KOSZYKÓWKA:WAŻNEZIELONA GÓRA:

Pierniki nie do ugryzienia [WIDEO]

Druga porażka Zastalu w Orlen Basket Lidze. Zielonogórzanie przegrali z Arriva Polskim Cukrem Toruń 68:79.

Wydarzeniem czwartkowego meczu był powrót do zielonogórskiego zespołu po ponad pięciu latach Filipa Matczaka. Wychowanek Zastalu zagrał niemal z marszu ponad 21 minut, rzucił 13 pkt., miał też 2 zbiórki i 3 asysty, będąc jednym z najlepszych na boisku w zespole zielonogórzan.

Marne to jednak pocieszenie, gdy zespół spisuje się tak słabo. Zastal raził nieskutecznością, fatalną obroną. Goście zupełnie zdominowali walkę na tablicach.
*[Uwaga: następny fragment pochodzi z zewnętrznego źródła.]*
Definition mult_char (F : finFieldType) (phi : F -> algC) : Prop :=
  (forall x y : F, x != 0 -> y != 0 -> phi (x * y) = phi x * phi y) /\
  (forall x : F, x != 0 -> phi x != 0).

Definition nontrivial_char (F : finFieldType) (phi : F -> algC) : Prop :=
  exists x : F, x != 0 /\ phi x != 1.

From HB Require Import structures.
From mathcomp Require Import all_boot all_order all_algebra all_field.
From mathcomp Require Import ring.

(* Write F_r = {y | y^r = y}, S(a) for the sum of phi over the nonzero x with
   Tr(x) = a, and J(b) = sum_{a in F_r^*} eta(a + b) phi(a).  Since Tr(x + 1) =
   Tr(x) + s and S(a) = phi(a) S(1) for a in F_r^*, grouping A by the trace gives
   A = eta(s) S(0) + S(1) J(s).  The trace is F_r-linear and onto, so it has
   fibres of size q/r; this yields sum_a S(a) = 0 and sum_a |S(a)|^2 = q - q/r.
   The correlation sum_b eta(a + b) eta(a' + b) = r [a = a'] - 1 yields
   sum_b |J(b)|^2 = r (r - 1) - |sum_{F_r^*} phi|^2, while J(0) is the sum of the
   character eta phi over F_r^*.  Solving these relations for |S(1)| and |J(1)|
   gives |A|^2 = q, except when eta phibar is trivial on F_r^*, where
   |A|^2 = q/r. *)

Import Order.TTheory GRing.Theory Num.Theory.
Local Open Scope ring_scope.
Set Implicit Arguments. Unset Strict Implicit. Unset Printing Implicit Defensive.

Lemma dvdp_Xn_sub1 (R : idomainType) (m n : nat) :
  (m %| n)%N -> ('X^m - 1 : {poly R}) %| 'X^n - 1.
Proof.
by case/dvdnP=> k ->; rewrite mulnC exprM [X in _ %| X]subrX1 dvdp_mulIl.
Qed.

(* 'X^n - 1 divides 'X^#|F| - 'X, the product of all 'X - x. *)
Lemma card_rootsXn_sub1 (F : finFieldType) (n : nat) :
  (0 < n)%N -> (n %| #|F|.-1)%N -> #|[pred x : F | x ^+ n == 1]| = n.
Proof.
move=> n_gt0 n_dvd.
have : 'X^n - 1 %| \prod_(x : F) ('X - x%:P).
  rewrite -finField_genPoly -(ltn_predK (finNzRing_gt1 F)) exprS.
  by rewrite -[X in _ * _ - X]mulr1 -mulrBr dvdp_mull ?dvdp_Xn_sub1.
case/dvdp_prod_XsubC=> m eq_m.
have uniq_m : uniq (mask m (index_enum F)) by rewrite mask_uniq ?index_enum_uniq.
transitivity #|mask m (index_enum F)|.
  apply: eq_card => x; rewrite inE -root_prod_XsubC -(eqp_root eq_m).
  by rewrite rootE !hornerE subr_eq0.
rewrite (card_uniqP uniq_m); apply: succn_inj.
by rewrite -(size_prod_XsubC _ id) -(eqp_size eq_m) size_Xn_sub_1.
Qed.

Lemma card_sqr_imset (F : finFieldType) (A : {set F}) :
  (#|A| <= 2 * #|[set (z * z)%R | z in A]|)%N.
Proof.
rewrite -sum1_card (partition_big_imset (fun z => z * z)) mulnC -sum_nat_const.
apply: leq_sum => _ /imsetP[w _ ->]; rewrite sum1dep_card.
apply: leq_trans (_ : #|[set w; - w]| <= 2)%N; last by rewrite cards2; case: (_ != _).
by apply/subset_leq_card/subsetP => z; rewrite !inE -!expr2 eqf_sqr => /andP[].
Qed.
Do przerwy torunianie prowadzili 48:30. Na początku trzeciej kwarty strata zielonogórzan sięgnęła 20 punktów.

Zastal zaczął jednak agresywniej bronić i pod koniec trzeciej kwarty zniwelował połowę dystansu. Na początku czwartej kwarty po akcji Evaldasa Saulyša zbliżył sie na osiem “oczek’. Litwin niedługo później otrzymał faul techniczny z floppowanie, a że wcześniej miał już na koncie faul niesportowy musiał zakończyć spotkanie z dyskwalifikacją. Goście znów odjechali na dwucyfrowy dystans. Ze swoich ról wywiązali się w końcówce m.in. najlepsi w zespole z Torunia – Divine Myles i Mike Ertel – zdobywcy kolejno 19 i 18 pkt.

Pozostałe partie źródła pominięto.